I only asked because I'm definitely in the 'anti-Apple' camp, so I don't know! In my mind they have definitely overtaken M$ (in fact many years ago) in the 'big evil corporation' stakes - and Facebook and Google are fast approaching number #2 and #3 on the list, if they are not already there...

It's odd to write this, but I feel like being on side of the underdog when I say that I prefer Microsoft & it's environments. Or maybe something UNIX based - that's a operating system that really makes me feel like you are on a 'puter. (ahh happy memories of my PhD circa mid-1990s)


----------



## Lenny (Jun 20, 2012)

I must say that I would never have expected a physicist to come out and say they prefer Microsoft and their environments!

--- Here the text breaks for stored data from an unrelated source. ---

Lemma tree_proportional (z z' : {ffun 'I_n -> K}) (c : K) :
  (forall v, z v != 0) -> (forall v, z' v != 0) ->
  (forall k : 'I_N3, edge_map e z (tr k) = c * edge_map e z' (tr k)) ->
  forall k, edge_map e z k = c * edge_map e z' k.
Proof.
move=> hz hz' hc k; rewrite !edge_mapAB.
have := tree_ratio hz hz' hc (edge_A k); have := tree_ratio hz hz' hc (edge_B k).
rewrite edge_A_in (negbTE (edge_B_notin k)) => hb ha.
have hr0 : z a0 / z' a0 != 0 by rewrite mulf_neq0 ?invr_eq0.
rewrite -(divfK (hz' (edge_A k)) (z (edge_A k))) -(divfK (hz' (edge_B k)) (z (edge_B k))).
by rewrite ha hb; field; rewrite ?hr0 ?hz ?hz'.
Qed.

Lemma toric_set_torus P : P \in X -> P \in torus K (nedges e).
Proof.
case/imsetP => z hz ->; apply: proj_norm_torus; first exact: nedges_gt0.
by apply: edge_map_neq0 => v; apply: torus_neq0 hz.
Qed.

Lemma toric_set_normalized : normalized X.
Proof. by move=> P /toric_set_torus; apply: torus_firstc. Qed.

Definition edge_point x y := proj_norm (edge_map e (glue x y)).

Lemma edge_point_toric x y : x \in T1 -> y \in T2 -> edge_point x y \in X.
Proof.
move=> hx hy; have hz v := glue_neq0 v hx hy.
apply/imsetP; exists (proj_norm (glue x y)); first exact: proj_norm_torus n_gt0 hz.
have hf : (firstc (glue x y))^-1 ^+ 2 != 0 by rewrite expf_neq0 // invr_eq0 firstc_neq0 // n_gt0.
by rewrite /edge_point [edge_map e (proj_norm _)]edge_map_scale proj_norm_scale.
Qed.

Lemma edge_point_inj x y x' y' : x \in T1 -> y \in T2 -> x' \in T1 -> y' \in T2 ->
  edge_point x y = edge_point x' y' -> x = x' /\ y = y'.
Proof.
move=> hx hy hx' hy' h.
have hz v := glue_neq0 v hx hy; have hz' v := glue_neq0 v hx' hy'.
have hf := firstc_neq0 nedges_gt0 (edge_map_neq0 hz).
have hf' := firstc_neq0 nedges_gt0 (edge_map_neq0 hz').
have hk := proj_norm_eq_scale h hf hf'.
have ha := tree_ratio hz hz' (fun k => hk (tr k)).
have [h1 h2] := glue_a0_b0 hx hy; have [h1' h2'] := glue_a0_b0 hx' hy'.
have := ha b0; have := b0_in; rewrite inE => /negbTE ->.
rewrite h1 h1' h2 h2' !divr1 => hc1.
have hall v : glue x y v = glue x' y' v.
  rewrite -[LHS](divfK (hz' v)) ha h1 h1' divr1 -hc1.
  by case: ifP => _; rewrite ?divr1 ?divff ?mul1r // oner_eq0.
by split; apply/ffunP => i; rewrite -(glue_enumA x y, glue_enumB x y) hall
  (glue_enumA, glue_enumB).
Qed.

Lemma toric_edge_point P : P \in X ->
  exists x y, [/\ x \in T1, y \in T2 & P = edge_point x y].
Proof.
case/imsetP => z hz ->; have hzn v : z v != 0 by apply: torus_neq0 hz.
pose za : {ffun 'I_#|A| -> K} := [ffun i => z (enum_val i)].
pose zb : {ffun 'I_#|~: A| -> K} := [ffun i => z (enum_val i)].
have hza i : za i != 0 by rewrite ffunE.
have hzb i : zb i != 0 by rewrite ffunE.
have hfa := firstc_neq0 hA hza; have hfb := firstc_neq0 hB hzb.
exists (proj_norm za), (proj_norm zb).
split; [exact: proj_norm_torus | exact: proj_norm_torus |].
have glueE v : glue (proj_norm za) (proj_norm zb) v =
    z v * (if v \in A then (firstc za)^-1 else (firstc zb)^-1).
  case: (boolP (v \in A)) => hv.
    by rewrite glueA // proj_normE ffunE enum_rankK_in.
  by rewrite glueB // proj_normE ffunE /rankB enum_rankK_in // inE.
have hc : (firstc za)^-1 * (firstc zb)^-1 != 0 by rewrite mulf_neq0 // invr_eq0.
rewrite /edge_point (_ : edge_map e (glue _ _) =
    [ffun k => edge_map e z k * ((firstc za)^-1 * (firstc zb)^-1)]).
  by rewrite proj_norm_scale.
apply/ffunP => k; rewrite [RHS]ffunE !edge_mapAB !glueE edge_A_in.
by rewrite (negbTE (edge_B_notin k)) mulrACA.
Qed.

Lemma card_toric_ge : (#|T1| * #|T2| <= #|X|)%N.
Proof.
rewrite -cardsX -(@card_in_imset _ _ (fun xy => edge_point xy.1 xy.2)).
  apply/subset_leq_card/subsetP => P /imsetP [[x y]].
  by rewrite in_setX => /andP [hx hy] ->; apply: edge_point_toric.
move=> [x y] [x' y']; rewrite !in_setX => /andP [hx hy] /andP [hx' hy'] /= h.
by have [-> ->] := edge_point_inj hx hy hx' hy' h.
Qed.

Definition tree_proj (P : {ffun 'I_(nedges e) -> K}) : {ffun 'I_N3 -> K} :=
  proj_norm [ffun k : 'I_N3 => P (tr k)].

Lemma tree_proj_torus P : P \in X -> tree_proj P \in T3.
Proof.
move/toric_set_torus => hP; apply: proj_norm_torus N3_gt0 _ => k.
by rewrite ffunE torus_neq0.
Qed.

Lemma tree_proj_inj : {in X &, injective tree_proj}.
Proof.
move=> _ _ /imsetP [z hz ->] /imsetP [z' hz' ->] h.
have hzn v : z v != 0 by apply: torus_neq0 hz.
have hzn' v : z' v != 0 by apply: torus_neq0 hz'.
have hw k : edge_map e z k != 0 := edge_map_neq0 hzn k.
have hw' k : edge_map e z' k != 0 := edge_map_neq0 hzn' k.
have hfw := firstc_neq0 nedges_gt0 hw; have hfw' := firstc_neq0 nedges_gt0 hw'.
set wP := [ffun k : 'I_N3 => proj_norm (edge_map e z) (tr k)] in h.
set wP' := [ffun k : 'I_N3 => proj_norm (edge_map e z') (tr k)] in h.
have hfP : firstc wP != 0.
  by apply: firstc_neq0 N3_gt0 _ => k; rewrite ffunE proj_norm_neq0 // nedges_gt0.
have hfP' : firstc wP' != 0.
  by apply: firstc_neq0 N3_gt0 _ => k; rewrite ffunE proj_norm_neq0 // nedges_gt0.
have hk := proj_norm_eq_scale h hfP hfP'.
set c1 := firstc wP / firstc wP' in hk.
have htrk (k : 'I_N3) : edge_map e z (tr k) =
    (c1 * firstc (edge_map e z) / firstc (edge_map e z')) * edge_map e z' (tr k).
  have := hk k; rewrite [LHS]ffunE [in RHS]ffunE !proj_normE => hk'.
  by rewrite -[edge_map e z (tr k)](divfK hfw) hk'; field; rewrite hfw'.
have hall := tree_proportional hzn hzn' htrk.
set c2 := c1 * _ / _ in hall.
have hc2 : c2 != 0.
  by apply: contraNneq (hw (tr (Ordinal N3_gt0))) => c0; rewrite hall c0 mul0r.
have -> : edge_map e z = [ffun k => edge_map e z' k * c2].
  by apply/ffunP => k; rewrite [RHS]ffunE hall mulrC.
by rewrite proj_norm_scale.
Qed.

Definition coord_at N (Q : {ffun 'I_N -> K}) (m : nat) : K :=
  if @insub nat (fun k => (k < N)%N) 'I_N m is Some i then Q i else 0.

Lemma coord_atE N (Q : {ffun 'I_N -> K}) m (h : (m < N)%N) :
  coord_at Q m = Q (Ordinal h).
Proof.
rewrite /coord_at; case: insubP => [i _ hi|]; last by rewrite h.
by congr (Q _); apply: val_inj.
Qed.

Definition split_fst (Q : {ffun 'I_N3 -> K}) : {ffun 'I_#|A| -> K} :=
  [ffun i : 'I_#|A| => coord_at Q i].
Definition split_snd (Q : {ffun 'I_N3 -> K}) : {ffun 'I_#|~: A| -> K} :=
  [ffun j : 'I_#|~: A| => if val j == 0%N then 1 else coord_at Q (#|A|.-1 + j)].

Lemma split_torus Q : Q \in T3 -> split_fst Q \in T1 /\ split_snd Q \in T2.
Proof.
move=> hQ; split; rewrite inE; apply/andP; split.
- apply/forallP => i; rewrite ffunE.
  have hi : (i < N3)%N by have := ltn_ord i; lia.
  by rewrite (coord_atE _ hi) torus_neq0.
- rewrite (@firstcE _ _ _ (Ordinal hA)) // ffunE /= (coord_atE _ N3_gt0).
  by rewrite -(@firstcE _ _ _ (Ordinal N3_gt0)) // torus_firstc.
- apply/forallP => j; rewrite ffunE; case: ifP => [_|hj]; first by rewrite oner_eq0.
  have hi : (#|A|.-1 + j < N3)%N by have := ltn_ord j; lia.
  by rewrite (coord_atE _ hi) torus_neq0.
- by rewrite (@firstcE _ _ _ (Ordinal hB)) // ffunE /=.
Qed.
(* Fix integers $m\ge1$ and $\theta\in(0,1]$, and let $f$ be a homogeneous voting rule. Suppose there exist $\delta>0$ and a neighborhood $U$ of the expected normalized profile $\hat P$ (among normalized continuous profiles on $\{1,\dots,m\}$, with the topology of weight vectors in $\mathbb R^{m!}$) such that $f$ is $\delta$-stable-CM in every continuous profile of $U$. Then $\lim_{n\to\infty}\rho(f,m,n,\theta)=1$.
   Context: A ranking is a strict total order on the candidates. A discrete profile $P$ consists of candidates, a voter set of size $n$ and a ranking $P_v$ per voter; $w(p,P)$ is the number of voters with ranking $p$. A continuous profile consists of candidates, total weight $w(P)>0$ and weights $w(p,P)\ge0$ summing to $w(P)$. The normalized profile $\bar P$ has weights $w(p,P)/w(P)$. A voting rule maps every profile (discrete or continuous) to one of its candidates; homogeneous means $f(P)=f(\bar P)$ for all $P$. For continuous profiles $Q,Q'$ on the same candidates, $d(Q,Q')=\max_p|w(p,Q)-w(p,Q')|$. CM (discrete): $f$ is CM in discrete $P$ if there is a discrete $Q$ with the same candidates and voters, $f(Q)\ne f(P)$, and every voter $v$ with $Q_v\ne P_v$ prefers $f(Q)$ to $f(P)$ according to $P_v$. CM from continuous $P$ to continuous $Q$: $Q$ has the same candidates and total weight as $P$, $f(Q)\ne f(P)$, and every ranking $p$ with $w(p,Q)<w(p,P)$ prefers $f(Q)$ to $f(P)$. $\delta$-stable-CM: $f$ is $\delta$-stable-CM in a continuous profile $P$ if there is a continuous profile $Q$ such that $f$ is CM from $P$ to $Q$ and $f(Q')=f(Q)$ for every continuous profile $Q'$ with $d(Q,Q')<\delta$. Perturbed Culture ($m,n\ge1$, $\theta\in(0,1]$): random discrete profile with candidates $\{1,\dots,m\}$, voters $\{1,\dots,n\}$, each voter independently having ranking $1\succ\cdots\succ m$ with probability $\theta$ and a uniformly random ranking with probability $1-\theta$. $\hat P$: total weight $1$, weight $\theta+\frac{1-\theta}{m!}$ on $1\succ\cdots\succ m$ and $\frac{1-\theta}{m!}$ on each other ranking. $\rho(f,m,n,\theta)$: probability that $f$ is CM in the random profile. *)

From HB Require Import structures.
From mathcomp Require Import all_boot all_order all_algebra all_fingroup.
From mathcomp Require Import all_classical all_reals all_analysis.
Set Implicit Arguments. Unset Strict Implicit. Unset Printing Implicit Defensive.
Import Order.TTheory GRing.Theory Num.Theory.
Local Open Scope ring_scope.

(* Candidates are 'I_m (candidate i of the paper is the ordinal i-1).
   A ranking is a permutation p of 'I_m, read as: p a is the position of
   candidate a (position 0 = most preferred).  The identity permutation is
   the ranking 1 > 2 > ... > m. *)
Definition ranking (m : nat) := {perm 'I_m}.

Definition prefers (m : nat) (p : ranking m) (a b : 'I_m) : bool :=
  (p a < p b)%N.

Definition cprofile (R : realType) (m : nat) := {ffun ranking m -> R}.

Definition total_weight (R : realType) m (w : cprofile R m) : R :=
  \sum_(p : ranking m) w p.

Definition is_cprofile (R : realType) m (w : cprofile R m) : Prop :=
  (forall p, 0 <= w p) /\ 0 < total_weight w.

Definition normalize (R : realType) m (w : cprofile R m) : cprofile R m :=
  [ffun p => w p / total_weight w].

Definition pdist (R : realType) m (w w' : cprofile R m) : R :=
  \big[Num.max/0]_(p : ranking m) `|w p - w' p|.

Definition dprofile (m n : nat) := {ffun 'I_n -> ranking m}.

Definition counts (R : realType) m n (P : dprofile m n) : cprofile R m :=
  [ffun p => (#|[set v | P v == p]|)%:R].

Every single one I've met over the course of my degree and Master's are very much in the Linux camp (but then, their departments forced Python on them, rather than something sensible). As a computer scientist, I suppose I ought to be too, but I also prefer Microsoft (but not .NET. Heavens, I'd take Java over .NET any day).

I think it's safe to assume, what with Apple's walled garden, that getting anything on to an iDevice, or into an iService, will require Apple software like iTunes, and a lot of hoop-jumping, as opposed to the tried-and-tested method of drag-and-drop.


----------



## Venusian Broon (Jun 20, 2012)

Lenny said:


> I must say that I would never have expected a physicist to come out and say they prefer Microsoft and their environments! Every single one I've met over the course of my degree and Master's are very much in the Linux camp (but then, their departments forced Python on them, rather than something sensible). As a computer scientist, I suppose I ought to be too, but I also prefer Microsoft (but not .NET. Heavens, I'd take Java over .NET any day).


 
I would too be pining for something UNIXy were it not for the fact that I worked at Autonomy for 9 months just before it IPO'd. So it was there that I took a big crash course in all things Microsoft and C/C++ - and also saw what was happening in the real world . 

I definitely got the 'C' bug off that phase of my life - now on C# and loving what you can do with it.

EDIT: Oooh and other major reason, all my favourite computer games needed M$ - big reason!!!


----------